WHAT TO WORK ON — Once the line with "case=> K_gt0 tK t1" is found in the data, output it and each following line exactly, up to and including the line with "case: (vk (mxtens_unindex", and nothing before or after.

───── RECORDS

Lemma not_collapsible_antipodal d : 2 * d < #|W| -> ~ d_collapsible d K.
Proof.
move=> dW cK; have keep L L' : clos_refl_trans _ (elem_collapse d) L L' ->
    L \subset K -> induced \subset L -> induced \subset L'.
  elim=> [L1 L2 st|//|L1 L2 L3 c12 IH12 _ IH23] LK KWL.
  - exact: elem_collapse_induced st.
  - exact: IH23 (subset_trans (collapse_seq_sub c12) LK) (IH12 LK KWL).
have KWK : induced \subset K by apply/subsetP => A /setIdP[].
have /subsetP/(_ set0) := keep _ _ cK (subxx K) KWK.
by rewrite !inE K_set0 sub0set => /(_ isT).
Qed.

End AntipodalObstruction.

Section LowSubcube.
Variables (n m : nat).
Hypothesis le_mn : m <= n.
Implicit Types (x y : cube n).

Definition low_cube : {set cube n} :=
  [set x : cube n | [forall i : 'I_n, (m <= i) ==> ~~ x i]].

Definition flip_low x : cube n := [ffun i : 'I_n => (i < m) (+) x i].

Definition low_coords : {set 'I_n} := [set i : 'I_n | i < m].

Lemma flip_lowK : involutive flip_low.
Proof. by move=> x; apply/ffunP => i; rewrite !ffunE addbA addbb. Qed.

Lemma flip_low_cube : {homo flip_low : x / x \in low_cube}.
Proof.
move=> x; rewrite !inE => /forallP xlow; apply/forallP => i; rewrite ffunE.
by case: leqP (implyP (xlow i)) => //= _ ->.
Qed.

Lemma card_low_coords : #|low_coords| = m.
Proof.
have -> : low_coords = widen_ord le_mn @: [set: 'I_m].
  apply/setP => i; rewrite inE; apply/idP/imsetP => [lt_im|[j _ ->]].
    by exists (Ordinal lt_im) => //; apply: val_inj.
  by rewrite /= ltn_ord.
rewrite card_imset ?cardsT ?card_ord // => j k ejk.
by apply: ord_inj; have := congr1 val ejk.
Qed.

Lemma low_cube_diff x y : x \in low_cube -> y \in low_cube ->
  [set i | x i != y i] \subset low_coords.
Proof.
rewrite !inE => /forallP xlow /forallP ylow; apply/subsetP => i; rewrite !inE ltnNge.
apply: contra => le_mi.
by rewrite (negbTE (implyP (xlow i) le_mi)) (negbTE (implyP (ylow i) le_mi)).
Qed.

Lemma hamming_low x y : x \in low_cube -> y \in low_cube -> hamming x y <= m.
Proof. by move=> xl yl; rewrite -card_low_coords subset_leq_card ?low_cube_diff. Qed.

Lemma hamming_flip_low x : hamming x (flip_low x) = m.
Proof.
rewrite -card_low_coords; apply: eq_card => i; rewrite !inE ffunE.
by case: (i < m); case: (x i).
Qed.

Lemma hamming_low_eq x y : x \in low_cube -> y \in low_cube ->
  hamming x y = m -> y = flip_low x.
Proof.
move=> xl yl xy_m; have diffE : [set i | x i != y i] = low_coords.
  by apply/eqP; rewrite eqEcard low_cube_diff // card_low_coords -xy_m /=.
apply/ffunP => i; rewrite ffunE; have /setP/(_ i) := diffE; rewrite !inE.
case: ltnP => [_|le_mi _]; first by case: (x i); case: (y i).
move: xl yl; rewrite !inE.
move=> /forallP/(_ i)/implyP/(_ le_mi) + /forallP/(_ i)/implyP/(_ le_mi).
by case: (x i); case: (y i).
Qed.
Lemma C_f_U_unif_coh d k (psi : 'cV[C]_d) :
  unif_coh k psi -> C_f_U (ketbra psi) = (log2 (k%:R : R))%:E.
Proof.
move=> psik; apply/eqP; rewrite eq_le; apply/andP; split.
  apply: ereal_inf_lbound; exists 1%N, (fun => 1), (fun => k), (fun => psi).
  by rewrite !big_ord1 scale1r mul1r; split => //; split => //; exact: ler01.
apply/ereal_infP => _ [L [p [ks [phi [p_ge0 [p_sum1 [phik [psiE ->]]]]]]]].
have [j0] : exists j0, j0 \in supp psi.
  by apply/card_gt0P; rewrite (card_supp_unif_coh psik); case: psik.
rewrite inE => psij0.
rewrite lee_fin -[X in X <= _]mul1r -p_sum1 mulr_suml; apply: ler_sum => a _.
have [->|pa_nz] := eqVneq (p a) 0; first by rewrite !mul0r.
move: (phik a); rewrite (ketbra_decomp_parallel psij0 p_ge0 psiE pa_nz).
by move/(unif_coh_scale psik) ->.
Qed.

End Formation.

Section FlatVectors.
Variable R : realType.
Local Notation C := R[i].

(* Unlike [unif_coh], this class is closed under tensor products without any
   bookkeeping of supports. *)
Definition flat D K (t : 'cV[C]_D) :=
  [/\ (0 < K)%N, forall j, t j 0 * (t j 0)^* = 0 \/ t j 0 * (t j 0)^* = K%:R^-1
    & sqnorm t = 1].

Lemma unif_coh_flat d k (psi : 'cV[C]_d) : unif_coh k psi -> flat k psi.
Proof.
move=> psik; have [k_gt0 _] := psik; have [J cardJ psiJ] := unif_coh_sqmod psik.
split => // [j|]; first by rewrite psiJ; case: (j \in J); [right | left].
rewrite /sqnorm (eq_bigr _ (fun j _ => psiJ j)) -big_mkcond /= sumr_const cardJ.
by rewrite -[_ *+ k]mulr_natr mulVf // pnatr_eq0 -lt0n.
Qed.

Lemma flat_sqmod D K (t : 'cV[C]_D) : flat K t ->
  forall j, t j 0 * (t j 0)^* = if j \in supp t then K%:R^-1 else 0.
Proof.
case=> K_gt0 tK _ j; rewrite inE -mul_conjC_eq0.
by case: (tK j) => ->; rewrite ?eqxx // invr_eq0 pnatr_eq0 -lt0n K_gt0.
Qed.

Lemma card_supp_flat D K (t : 'cV[C]_D) : flat K t -> #|supp t| = K.
Proof.
move=> tK; have [K_gt0 _ t1] := tK.
have K_nz : K%:R != 0 :> C by rewrite pnatr_eq0 -lt0n.
have : sqnorm t = #|supp t|%:R / K%:R.
  rewrite /sqnorm (eq_bigr _ (fun j _ => flat_sqmod tK j)) -big_mkcond /=.
  by rewrite sumr_const mulr_natl.
rewrite t1 => /(congr1 ( *%R^~ K%:R)); rewrite mul1r divfK //.
by move/eqP; rewrite eqr_nat eq_sym => /eqP.
Qed.

Lemma ketbra_tens D d (t : 'cV[C]_D) (v : 'cV[C]_d) :
  ketbra (t *t v : 'cV[C]_(D * d)) = ketbra t *t ketbra v.
Proof.
rewrite /ketbra -tensmx_mul; congr (_ *m _).
by apply/matrixP => i j; rewrite !mxE rmorphM.
Qed.

Lemma flat_tens D d K k (t : 'cV[C]_D) (v : 'cV[C]_d) :
  flat K t -> flat k v -> flat (K * k) (t *t v : 'cV[C]_(D * d)).
Proof.
case=> K_gt0 tK t1 [k_gt0 vk v1]; split; first by rewrite muln_gt0 K_gt0.
- move=> x; rewrite !mxE !ord1 rmorphM /= mulrACA.
  case: (tK (mxtens_unindex x).1) => ->; first by left; rewrite mul0r.
  case: (vk (mxtens_unindex x).2) => ->; first by left; rewrite mulr0.
  by right; rewrite natrM invfM.
- rewrite -[1]mulr1 -{1}t1 -v1 /sqnorm mulr_sum; apply: eq_bigr => x _.
  by rewrite !mxE !ord1 rmorphM /= mulrACA.
Qed.

Lemma castmx_ketbra D D' (e : D = D') (t : 'cV[C]_D) :
  castmx (e, e) (ketbra t) = ketbra (castmx (e, erefl 1%N) t).
Proof. by case: D' / e; rewrite !castmx_id. Qed.

Lemma flat_castmx D D' K (e : D = D') (t : 'cV[C]_D) :
  flat K t -> flat K (castmx (e, erefl 1%N) t).
Proof. by case: D' / e; rewrite castmx_id. Qed.

Lemma tpow_ketbra_flat d k (v : 'cV[C]_d) n : flat k v ->
  exists2 t : 'cV[C]_(d ^ n), flat (k ^ n) t & tpow (ketbra v) n = ketbra t.
Proof.
move=> vk; elim: n => [|n [t tk tE]].
  exists (const_mx 1); last first.
    apply/matrixP => i j; rewrite ketbraE !mxE conjC1 mulr1 (_ : i = j) ?eqxx //.
    have : (val i < 1)%N := ltn_ord i; have : (val j < 1)%N := ltn_ord j.
    by move=> j0 i0; apply/val_inj; lia.
  split=> // [j|]; first by right; rewrite mxE conjC1 mulr1 invr1.
  by rewrite /sqnorm big_ord1 mxE conjC1 mulr1.
exists (castmx (esym (expnSr d n), erefl 1%N) (t *t v : 'cV[C]_(d ^ n * d))).
  by rewrite [(k ^ _)%N]expnSr; apply/flat_castmx/flat_tens.
by rewrite /= tE -ketbra_tens castmx_ketbra.
Qed.

End FlatVectors.

Section PureIncoherent.
Variable R : realType.
Local Notation C := R[i].

Definition embedv a N (v : 'cV[C]_a) : 'cV[C]_N :=
  \col_i match @insub _ (fun k => (k < a)%N) 'I_a (val i) with
         | Some i' => v i' 0 | None => 0 end.

Lemma embed_ketbra a N (v : 'cV[C]_a) : embed N (ketbra v) = ketbra (embedv N v).
Proof.
apply/matrixP => x y; rewrite ketbraE !mxE.
case: insubP => [i _ _|_]; case: insubP => [j _ _|_];
  by rewrite ?ketbraE ?mul0r ?conjC0 ?mulr0.
Qed.

Lemma embedv_max_coh N M x : embedv N (max_coh R M) x 0 =
  if (val x < M)%N then ((Num.sqrt (M%:R : R))^-1)%:C%C else 0.
Proof. by rewrite !mxE; case: insubP => [i -> _|/negbTE ->]; rewrite ?mxE. Qed.

Lemma pio_fixed_conj N (U : 'M[C]_N) :
  incoh_unitary U -> pio_fixed (fun X => U *m X *m adj U).
Proof.
move=> Uinc; exists 1%N, 1%N, (fun => 1), (fun _ _ => U), (fun _ _ => [set: 'I_N]).
have projT : inc_proj R [set: 'I_N] = 1%:M.
  rewrite /inc_proj -diag_const_mx; congr diag_mx.
  by apply/matrixP => i j; rewrite !mxE inE.
split; first by move=> _; exact: ler01.
split; first by rewrite big_ord1.
split=> //; split=> [a|X]; first by rewrite big_ord1 projT.
by rewrite !big_ord1 projT !mulmx1 (_ : (1 : R)%:C%C = 1) // scale1r.
Qed.

Lemma PIO_conj_ptrace a b e (U : 'M[C]_(b * e)) :
  (a <= b * e)%N -> incoh_unitary U ->
  PIO (fun X : 'M[C]_a => ptrace (U *m embed (b * e) X *m adj U)).
Proof.
move=> ab Uinc; exists e, (fun X => U *m X *m adj U).
by split; last split; [|exact: pio_fixed_conj|].
Qed.

Lemma perm_diag_mulmxE N (s : 'S_N) (v : 'rV[C]_N) (z : 'cV[C]_N) y :
  (perm_mx s *m diag_mx v *m z) y 0 = v 0 (s y) * z (s y) 0.
Proof. by rewrite -mulmxA -row_permE mxE mul_diag_mx mxE. Qed.

Lemma ptrace_ketbra b e (w : 'cV[C]_(b * e)) i i' :
  ptrace (ketbra w) i i' =
  \sum_j w (mxtens_index (i, j)) 0 * (w (mxtens_index (i', j)) 0)^*.
Proof. by rewrite mxE; apply: eq_bigr => j _; rewrite ketbraE. Qed.

End PureIncoherent.

Section Dilution.
Variable R : realType.
Local Notation C := R[i].
Variables (D K M : nat) (t : 'cV[C]_D).
Hypotheses (tK : flat K t) (M_gt0 : (0 < M)%N).
Definition r_regular (r : R) (X : set pt) : Prop :=
  closed X /\
  forall x, bdry X x ->
    exists xb xw : pt,
      oball xb r `<=` X /\ oball xw r `<=` ~` X /\
      cball xb r `&` cball xw r = [set x].

Definition grid_pt (d : R) (k l : int) : pt := (d * k%:~R, d * l%:~R).

Definition pixel (d : R) (k l : int) : set pt :=
  [set p | d * k%:~R <= p.1 <= d * (k + 1)%:~R /\
           d * l%:~R <= p.2 <= d * (l + 1)%:~R].

Definition area (A : set pt) : \bar R :=
  ((@lebesgue_measure R) \x (@lebesgue_measure R))%E A.

Definition admissible_phi (phi : R -> R) : Prop :=
  (forall x y, 0 <= x -> x <= y -> y <= 1 -> phi x <= phi y) /\
  phi 0 = 0 /\ phi 1 = 1 /\
  (forall x, 0 < x < 1 -> 0 < phi x < 1).

Definition dimage := int -> int -> R.

Definition digital_image (phi : R -> R) (d : R) (X : set pt) : dimage :=
  fun k l => phi (fine (area (X `&` pixel d k l)) / d ^+ 2).

Definition hausdorff (Y Z : set pt) : \bar R :=
  Order.max
    (ereal_sup [set ereal_inf [set (edist y z)%:E | z in Z] | y in Y])
    (ereal_sup [set ereal_inf [set (edist y z)%:E | y in Y] | z in Z]).

End Digital.
Arguments pt R : clear implicits.
Arguments dimage R : clear implicits.

From Pilot Require Import Defs.
From HB Require Import structures.
From mathcomp Require Import all_boot all_order all_algebra.
From mathcomp Require Import all_classical all_reals all_analysis.
From mathcomp Require Import measurable_realfun lra ring.
Import Order.TTheory GRing.Theory Num.Theory numFieldNormedType.Exports.
Local Open Scope classical_set_scope.
Local Open Scope ring_scope.
Set Implicit Arguments. Unset Strict Implicit. Unset Printing Implicit Defensive.

(* Gamma(I) is the set of centers of the mixed pixels, those of intensity
   strictly between 0 and 1; pixel centers are isolated, so each of them is a
   boundary point of Gamma.

   A mixed pixel contains points of X and of its complement, so the segment
   joining them meets the boundary of X inside the pixel.

   Conversely, at a boundary point x the two tangent balls of r-regularity
   make every direction on one side of their common normal n enter the
   interior of X, and every direction on the other side enter the interior of
   its complement.  As x is not a grid point, some pixel containing x is
   entered from x by directions of both kinds, unless n is normal to the grid
   line through x; then the grid point ending that edge, interior to X or to
   its complement, supplies the missing side.  That pixel has positive area
   inside and outside X, so it is mixed.

   The points matched in either half of the Hausdorff distance differ by at
   most 3d/5 in each coordinate, hence lie within 3 sqrt 2 d / 5 < d of each
   other. *)

Section near_zero.
Variables (R : realType) (V : normedModType R).

Lemma near0_interior (A : set V) (x w : V) : A° x -> \forall t \near 0, A° (x + t *: w).
Proof.
move=> Ax; have : (x + t *: w) @[t --> (0 : R)] --> x + 0 *: w.
  by apply: cvgD; [exact: cvg_cst | apply: cvgZ; [exact: cvg_id | exact: cvg_cst]].
rewrite scale0r addr0; apply; apply: open_nbhs_nbhs; split => //.
exact: open_interior.
Qed.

──────────

EXERCISE RESULT —
case=> K_gt0 tK t1 [k_gt0 vk v1]; split; first by rewrite muln_gt0 K_gt0.
- move=> x; rewrite !mxE !ord1 rmorphM /= mulrACA.
  case: (tK (mxtens_unindex x).1) => ->; first by left; rewrite mul0r.
  case: (vk (mxtens_unindex x).2) => ->; first by left; rewrite mulr0.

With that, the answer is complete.